======== PROVIDED DATA ========
Lemma pow_a_inj : injective pow_a.
Proof. by move=> [|i] [|j] //= [->]. Qed.

Lemma mem_lower_syms m r : (pow_a m \in lower_syms r) = (m < r).
Proof. by rewrite mem_map ?mem_iota //; exact: pow_a_inj. Qed.

Lemma tb_neq_pow_a j : tb != pow_a j.
Proof. by case: j. Qed.

Lemma fsym_pow_a j (c : bool) : Defs.fsym j c = nseq c (pow_a j).
Proof. by case: c; case: j. Qed.

Lemma lower_syms_subS r : {subset lower_syms r <= lower_syms r.+1}.
Proof.
by move=> x /mapP [j]; rewrite mem_iota => lt_jr ->; rewrite mem_lower_syms ltnS ltnW.
Qed.

Lemma low_bits_sub r n : {subset low_bits r n <= lower_syms r}.
Proof.
elim: r => [|r IH] x //=; rewrite fsym_pow_a mem_cat => /orP [/nseqP [-> _]|/IH].
  by rewrite mem_lower_syms.
exact: lower_syms_subS.
Qed.

Lemma size_low_bits r n : size (low_bits r n) <= r.
Proof.
elim: r => //= r IH; rewrite size_cat fsym_pow_a size_nseq -add1n.
exact: leq_add (leq_b1 _) IH.
Qed.

Lemma rules_sub r : {subset flatten (rules r) <= lower_syms r}.
Proof.
move=> x /flatten_mapP [j]; rewrite mem_iota add0n => lt_jr.
by rewrite !inE orbb => /eqP ->; rewrite mem_lower_syms.
Qed.

Lemma size_rules r : size (flatten (rules r)) = r.*2.
Proof.
elim: r => // r IH.
by rewrite /rules mkseqS flatten_rcons size_cat -/(rules r) IH doubleS addn2.
Qed.

Lemma start_sub r ns l : {subset start r ns l <= tb :: lower_syms r.+1}.
Proof.
have block_sub n : {subset block r n <= lower_syms r.+1}.
  move=> x; rewrite mem_cat => /orP [/nseqP [-> _]|/low_bits_sub /lower_syms_subS //].
  by rewrite mem_lower_syms.
move=> x; rewrite mem_cat inE => /orP [/flatten_mapP [n _]|/block_sub ->].
  by rewrite mem_cat inE => /orP [/block_sub ->|->]; rewrite ?orbT.
by rewrite orbT.
Qed.

Lemma count_start_pow_a r ns l :
  count_mem (pow_a r) (start r ns l) = sumn [seq n %/ 2 ^ r | n <- ns] + l %/ 2 ^ r.
Proof.
have count_block n : count_mem (pow_a r) (block r n) = n %/ 2 ^ r.
  rewrite count_cat count_nseq /= eqxx mul1n (count_memPn _) ?addn0 //.
  by apply: contraFN (ltnn r) => /low_bits_sub; rewrite mem_lower_syms.
rewrite count_cat count_block count_flatten -map_comp; congr (sumn _ + _).
apply: eq_map => n /=; rewrite count_cat count_block /= addn0.
by rewrite (negbTE (tb_neq_pow_a r)) addn0.
Qed.

Lemma count_start_other r ns l :
  count (predC1 (pow_a r)) (start r ns l) <= size ns * r.+1 + r.
Proof.
have count_block n : count (predC1 (pow_a r)) (block r n) <= r.
  rewrite count_cat (eq_in_count (a2 := pred0)) ?count_pred0 => [|x /nseqP [-> _]].
    exact: leq_trans (count_size _ _) (size_low_bits r n).
  by rewrite /= eqxx.
rewrite count_cat; apply: leq_add (count_block l); rewrite count_flatten.
elim: ns => //= n ns IH; rewrite mulSn; apply: leq_add IH.
by rewrite count_cat -addn1; apply: leq_add (count_block n) (count_size _ _).
Qed.

Section RoundOnStage.
Variable r : nat.
Local Notation Y := (pow_a r).
Local Notation R := (repl [:: Y; Y] (pow_a r.+1)).

Lemma repl_block n w : ohead w != Some Y -> R (block r n ++ w) = block r.+1 n ++ R w.
Proof.
move=> wY; rewrite /block -catA repl_pair_nseq; last first.
  case: (low_bits r n) (@low_bits_sub r n) => [|c bs] // bits_sub.
  by apply: contraTneq (bits_sub c (mem_head _ _)) => -[->]; rewrite mem_lower_syms ltnn.
rewrite repl_pair_catl; last first.
  by apply: contraFN (ltnn r) => /low_bits_sub; rewrite mem_lower_syms.
by rewrite /= fsym_pow_a -divn2 -divnMA -expnSr !catA.
Qed.

Lemma repl_start ns l : R (start r ns l) = start r.+1 ns l.
Proof.
rewrite /start; elim: ns => [|n ns IH] /=.
  by rewrite -[block r l]cats0 repl_block ?cats0.
rewrite -catA -catA repl_block /=; last by rewrite (inj_eq Some_inj) tb_neq_pow_a.
by rewrite repl_pair_cons ?tb_neq_pow_a // IH -!catA.
Qed.

Lemma repl_rules : map R (rules r) = rules r.
Proof.
rewrite -[RHS]map_id; apply/eq_in_map => rhs rhs_in /=.
rewrite -[rhs]cats0 repl_pair_catl //; apply: contraFN (ltnn r) => Y_rhs.
by rewrite -mem_lower_syms; apply: rules_sub; apply/flattenP; exists rhs.
Qed.

Lemma repair_replace_stage ns l :
  repair_replace (stage r ns l) [:: Y; Y] = stage r.+1 ns l.
Proof.
rewrite /repair_replace /= size_mkseq.
have -> : NT r.+1 = pow_a r.+1 by [].
by rewrite repl_start repl_rules /stage /rules mkseqS.
Qed.

End RoundOnStage.

Lemma repair_step_stage r ns l :
  (forall n, n \in ns -> 2 <= n %/ 2 ^ r) -> 4 <= l %/ 2 ^ r ->
  size ns * r.+1 + 3 * r < sumn [seq n %/ 2 ^ r.+1 | n <- ns] + l %/ 2 ^ r.+1 ->
  (exists G1, repair_step (stage r ns l) G1) /\
  (forall G1, repair_step (stage r ns l) G1 -> G1 = stage r.+1 ns l).
Proof.
move=> ns_big l_big few_others.
have half n : n %/ 2 ^ r.+1 = (n %/ 2 ^ r)./2 by rewrite -divn2 -divnMA -expnSr.
have rules_noY : count_mem (pow_a r) (flatten (rules r)) = 0.
  by apply/count_memPn; apply: contraFN (ltnn r) => /rules_sub; rewrite mem_lower_syms.
have start_noX : pow_a r.+1 \notin start r ns l.
  apply: contraFN (ltnn r.+1) => /start_sub.
  by rewrite inE eq_sym (negbTE (tb_neq_pow_a _)) mem_lower_syms.
have XY : pow_a r.+1 \notin [:: pow_a r; pow_a r].
  by rewrite !inE orbb (inj_eq pow_a_inj) gtn_eqF.
have [ps YY_occs] := count_repl (isT : 0 < size [:: pow_a r; pow_a r]) (start r ns l) XY.
rewrite repl_start count_start_pow_a (count_memPn start_noX) addn0 => size_ps.
rewrite -(repair_replace_stage r ns l); apply: (@repair_step_pair (stage r ns l) _ _ YY_occs).
- by rewrite -size_ps addnC half ltn_addr //; move: l_big; lia.
- rewrite /= count_cat count_start_pow_a rules_noY addn0 -size_ps mulnDr.
  rewrite -addnS; apply: leq_add; last by rewrite half; move: l_big; lia.
  elim: ns ns_big {few_others size_ps YY_occs start_noX} => //= n ns IH ns_big.
  rewrite mulnDr half; apply: leq_add; first by have := ns_big n (mem_head _ _); lia.
  by apply: IH => m m_ns; apply: ns_big; rewrite inE m_ns orbT.
- rewrite /= count_cat -size_ps; apply: leq_ltn_trans few_others.
  apply: leq_trans (leq_add (count_start_other r ns l) (count_size _ _)) _.
  by rewrite size_rules -addnA leq_add2l -addnn; lia.
Qed.

Lemma rules_expected k : rules (k - 1) = expected_rules k.
Proof. by apply: eq_mkseq => -[]. Qed.

Lemma sq_lt_exp2 k : k * k < 2 ^ k + k + 3.
Proof.
have double_le_exp2 j : j.+1.*2 <= 2 ^ j.+1.
  by have := ltn_expl j (isT : 1 < 2); rewrite expnS; lia.
elim: k => [|[|k] IH] //; have := double_le_exp2 k; move: IH; rewrite !expnS; nia.
Qed.

Lemma binval_rcons s c : binval (rcons s c) = (binval s).*2 + c.
Proof. by rewrite /binval foldl_rcons. Qed.

Lemma exp2_size_le_binval s : 2 ^ size s <= binval (true :: s).
Proof.
elim/last_ind: s => // s c IH; rewrite -rcons_cons binval_rcons size_rcons expnS.
by apply: leq_trans (leq_addr _ _); rewrite mul2n leq_double.
Qed.

Lemma odd_binval_div s j : j < size s ->
  odd (binval s %/ 2 ^ j) = nth false s (size s - j.+1).
Proof.
elim/last_ind: s j => // s c IH [|j]; rewrite size_rcons binval_rcons nth_rcons => lt_j.
  by rewrite divn1 oddD odd_double subSS subn0 ltnn eqxx; case: c.
have half_binval : ((binval s).*2 + c) %/ 2 = binval s.
  by rewrite -muln2 divnMDl // divn_small ?addn0 //; case: c.
rewrite expnSr mulnC divnMA half_binval IH // subSS ifT; last by lia.
by congr nth; lia.
Qed.

Lemma size_flatten_hmorph s : size (flatten (map hmorph s)) = (size s).*2.
Proof. by elim: s => //= c s IH; rewrite size_cat IH; case: c. Qed.

Lemma low_bits_flatten r n : low_bits r n =
  flatten [seq Defs.fsym (r.-1 - t) (odd (n %/ 2 ^ (r.-1 - t))) | t <- iota 0 r].
Proof.
elim: r => //= r ->; rewrite subn0 (iotaDl 1 0) -map_comp; congr (_ ++ flatten _).
by apply: eq_map => t /=; rewrite subnDA subn1.
Qed.

Section RePairOnSk.
Variables (k : nat) (B : seq bool).
Hypotheses (k_ge2 : 2 <= k) (size_B : k <= size B) (B_head : head false B = true).

Lemma size_wk : size (wk k B) = k.*2.
Proof. by rewrite /wk size_flatten_hmorph size_takel. Qed.

Lemma exp2_le_Nk i : 1 <= i <= k -> 2 ^ (k + i - 1) <= Nk k B i.
Proof.
case: B size_B B_head => [|b B'] //= size_B' -> /andP [i_ge1 i_le_k].
rewrite /Nk /wk; case: k k_ge2 size_B' i_le_k => [|k'] //= _ size_B' i_le_k.
apply: leq_trans (exp2_size_le_binval _); rewrite leq_exp2l // size_takel; first lia.
by rewrite /= size_flatten_hmorph size_takel //; lia.
Qed.

Lemma exp2_le_Nk_iota i : i \in iota 1 (k - 1) -> 2 ^ k <= Nk k B i.
Proof.
rewrite mem_iota => /andP [i_ge1 i_lt]; apply: leq_trans (exp2_le_Nk _); last lia.
by rewrite leq_exp2l //; lia.
Qed.

Lemma sk_stage0 :
  repair_init (sk k B) = stage 0 [seq Nk k B i | i <- iota 1 (k - 1)] (Nk k B k).
Proof.
have block0 n : block 0 n = nseq n ta by rewrite /block expn0 divn1 cats0.
by rewrite /repair_init /stage /start /sk -map_comp block0; congr (flatten _ ++ _, _);
  apply: eq_map => i /=; rewrite block0.
Qed.

Lemma repair_step_sk r : r < k - 1 ->
  let ns := [seq Nk k B i | i <- iota 1 (k - 1)] in
  (exists G1, repair_step (stage r ns (Nk k B k)) G1) /\
  (forall G1, repair_step (stage r ns (Nk k B k)) G1 -> G1 = stage r.+1 ns (Nk k B k)).
Proof.
move=> lt_r ns.
have ns_big n : n \in ns -> 2 ^ k <= n by case/mapP=> i /exp2_le_Nk_iota + ->.
have l_big : 2 ^ (k + k - 1) <= Nk k B k by apply: exp2_le_Nk; lia.
have div_big n e s : 2 ^ (e + s) <= n -> 2 ^ e <= n %/ 2 ^ s.
  by rewrite leq_divRL ?expn_gt0 // expnD.
have ns_div n s : n \in ns -> s < k -> 2 <= n %/ 2 ^ s.
  move/ns_big => n_big lt_s; apply: (div_big _ 1); apply: leq_trans n_big.
  by rewrite leq_exp2l.
have ns_half n : n \in ns -> 2 <= n %/ 2 ^ r.+1 by move/ns_div; apply; lia.
apply: repair_step_stage.
- by move=> n /ns_div; apply; lia.
- apply: (div_big _ 2); apply: leq_trans l_big; rewrite leq_exp2l //; lia.
have sum_half : 2 * size ns <= sumn [seq n %/ 2 ^ r.+1 | n <- ns].
  elim: (ns) ns_half => //= n ns' IH ns_half; rewrite mulnS.
  apply: leq_add; first exact: ns_half (mem_head _ _).
  by apply: IH => m m_ns; apply: ns_half; rewrite inE m_ns orbT.
have l_half : 2 ^ k <= Nk k B k %/ 2 ^ r.+1.
  by apply: div_big; apply: leq_trans l_big; rewrite leq_exp2l //; lia.
have := sq_lt_exp2 k; rewrite size_map size_iota in sum_half *.
move: sum_half l_half; set t := 2 ^ k; set S := sumn _; nia.
Qed.

Lemma block_uk i : 1 <= i <= k -> block (k - 1) (Nk k B i) = uk k B i.
Proof.
move=> /andP [i_ge1 i_le_k].
have size_prefix : size (take (k + i) (wk k B)) = k + i by rewrite size_takel // size_wk; lia.
rewrite /block /uk /qk /pow_a ifF; last by apply/eqP; lia.
congr (_ ++ _); rewrite /vk low_bits_flatten -[i + 2]addn0 iotaDl -map_comp.
congr flatten; apply/eq_in_map => t; rewrite mem_iota add0n => /andP [_ lt_t] /=.
have -> : k + i - (i + 2 + t) = (k - 1).-1 - t by lia.
rewrite /Nk odd_binval_div size_prefix; last lia.
rewrite nth_take; last lia.
by have -> : k + i - ((k - 1).-1 - t).+1 = (i + 2 + t).-1 by lia.
Qed.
========
WHAT IS NEEDED:
Please copy, word for word, every line from the first line of the records through the line containing "Lemma fsym_pow_a j", with both of those lines included and nothing else.

REPLY:
Lemma pow_a_inj : injective pow_a.
Proof. by move=> [|i] [|j] //= [->]. Qed.

Lemma mem_lower_syms m r : (pow_a m \in lower_syms r) = (m < r).
Proof. by rewrite mem_map ?mem_iota //; exact: pow_a_inj. Qed.

Lemma tb_neq_pow_a j : tb != pow_a j.
Proof. by case: j. Qed.

Lemma fsym_pow_a j (c : bool) : Defs.fsym j c = nseq c (pow_a j).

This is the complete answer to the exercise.